Client

Fannie Mae

Industry

Finance

Service

UI/UX Design

Team

2 Designers

Timeline

18 months

Goal

To build an engine that would allow traders to trade MBS, analyze best execution, provide market color, and advise on early funding and hedging strategies. By giving traders the full market picture, this engine would allow them to make judgements on pricing loans for purchase based on location, housing type, loan type, and risk level.

Approach

We started by talking with the traders on their current processes and how we could make their jobs easier. Most traders were using custom built excel sheets with their own calculations to give them the best price. The problem was how traders had to buy loans. They had to buy in bulk, decreasing their ability to accurately price individual loans and get the best return. We broke down their calculations, and developed a plan to be able to individually price each loan so they could move away from bulk purchases.

Outcome

We built an engine that allowed users to pick out each loan they wanted without having to buy the entire batch. The engine would price each loan effectively so that when the trader committed to a trade, they could guarantee they were getting the best price, for the best loans. Leaving the less desirable loans on the table without having to purchase them as well.

How we started

We shadowed traders during their workday to see what their processes were. We observed them taking in loan offers, analyze the loans, and break down the best price for the batch. Through our discussions with traders, they would rather trade individual loans which would guarantee the best return. But the current system wouldn't allow for it. So we needed to come up with a system that would give the traders all of the information they needed and be able to bid on individual loans.

Determine user flow

Determined how traders currently traded loans, we walked them through several user flows on how the new engine could intake lenders bid sheets, analyze each loan, and based on custom pricing pre-set in the system, can give the best price for returns on corporate capital (ROCC).

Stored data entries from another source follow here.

(** Nonnegativity and symmetry of the distance come from those of [f], and the
    identity span of [A] has zero kernels and cokernels, so [d(A,A) = 0].
    For the triangle inequality, spans suffice: the pullback of a cospan is a
    span whose legs have kernels and cokernels embedding into those of the
    opposite legs of the cospan.  Two spans [A <- C -> B] and [B <- D -> E]
    compose through the pullback of [C -> B <- D], and the amplitude of the
    kernel (cokernel) of a composite is at most the sum of those of the
    factors, so monotonicity and subadditivity of [f] bound the cost of the
    composite by the sum of the costs.  Statements about cokernels and epis are
    obtained from those about kernels and monos in the opposite category. *)

Local Notation Hom K A B := (@Defs.Hom K A B).
Local Notation "g \oc f" := (Defs.comp g f) (at level 40, left associativity).

Section Preadditive.
Variables (K : category) (hK : preadditive K).
Implicit Types A B C D X : Obj K.

Lemma compA A B C D (h : Hom K C D) (g : Hom K B C) (f : Hom K A B) :
  h \oc (g \oc f) = h \oc g \oc f.
Proof. by case: hK => _ _ ->. Qed.

Lemma comp1l A B (f : Hom K A B) : idm B \oc f = f.
Proof. by case: hK => ->. Qed.

Lemma comp1r A B (f : Hom K A B) : f \oc idm A = f.
Proof. by case: hK => _ ->. Qed.

Lemma compDl A B C (g g' : Hom K B C) (f : Hom K A B) :
  (g + g') \oc f = g \oc f + g' \oc f.
Proof. by case: hK => _ _ _ ->. Qed.

Lemma compDr A B C (g : Hom K B C) (f f' : Hom K A B) :
  g \oc (f + f') = g \oc f + g \oc f'.
Proof. by case: hK => _ _ _ _ ->. Qed.

Lemma comp0l A B C (f : Hom K A B) : (0 : Hom K B C) \oc f = 0.
Proof. by apply/(addrI (0 \oc f)); rewrite -compDl !addr0. Qed.

Lemma comp0r A B C (g : Hom K B C) : g \oc (0 : Hom K A B) = 0.
Proof. by apply/(addrI (g \oc 0)); rewrite -compDr !addr0. Qed.

Lemma compNl A B C (g : Hom K B C) (f : Hom K A B) : (- g) \oc f = - (g \oc f).
Proof. by apply/eqP; rewrite -addr_eq0 -compDl addNr comp0l. Qed.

We also determined several personas that would need to conduct different tasks based on their roles. Analysts would study the market and determine pricing for loan types. Traders could price loans off of those set prices. Managers would oversee the trades and make changes to pricing based on market movement.

To save more time, traders were given the ability to set rules to apply to several different types of trades automatically. The time consuming part of the trader's job was eliminated giving the traders more time to focus on increasing their ROCC in other areas.

Dashboard design

We designed a dashboard that would be customizable to each user based on needs and tasks. Some personas would require pricing statistics to set current pricing trends, while other personas, like traders, would want to see incoming lender's bid sheets to see what loans were available to bid on.

A manager's persona would have a bird's eye view of the entire trading desk and what was occurring between all personas.

By setting up personas at the beginning, we could create detailed custom dashboards for each, with additional customization by the user, similar to the Bloomberg terminal.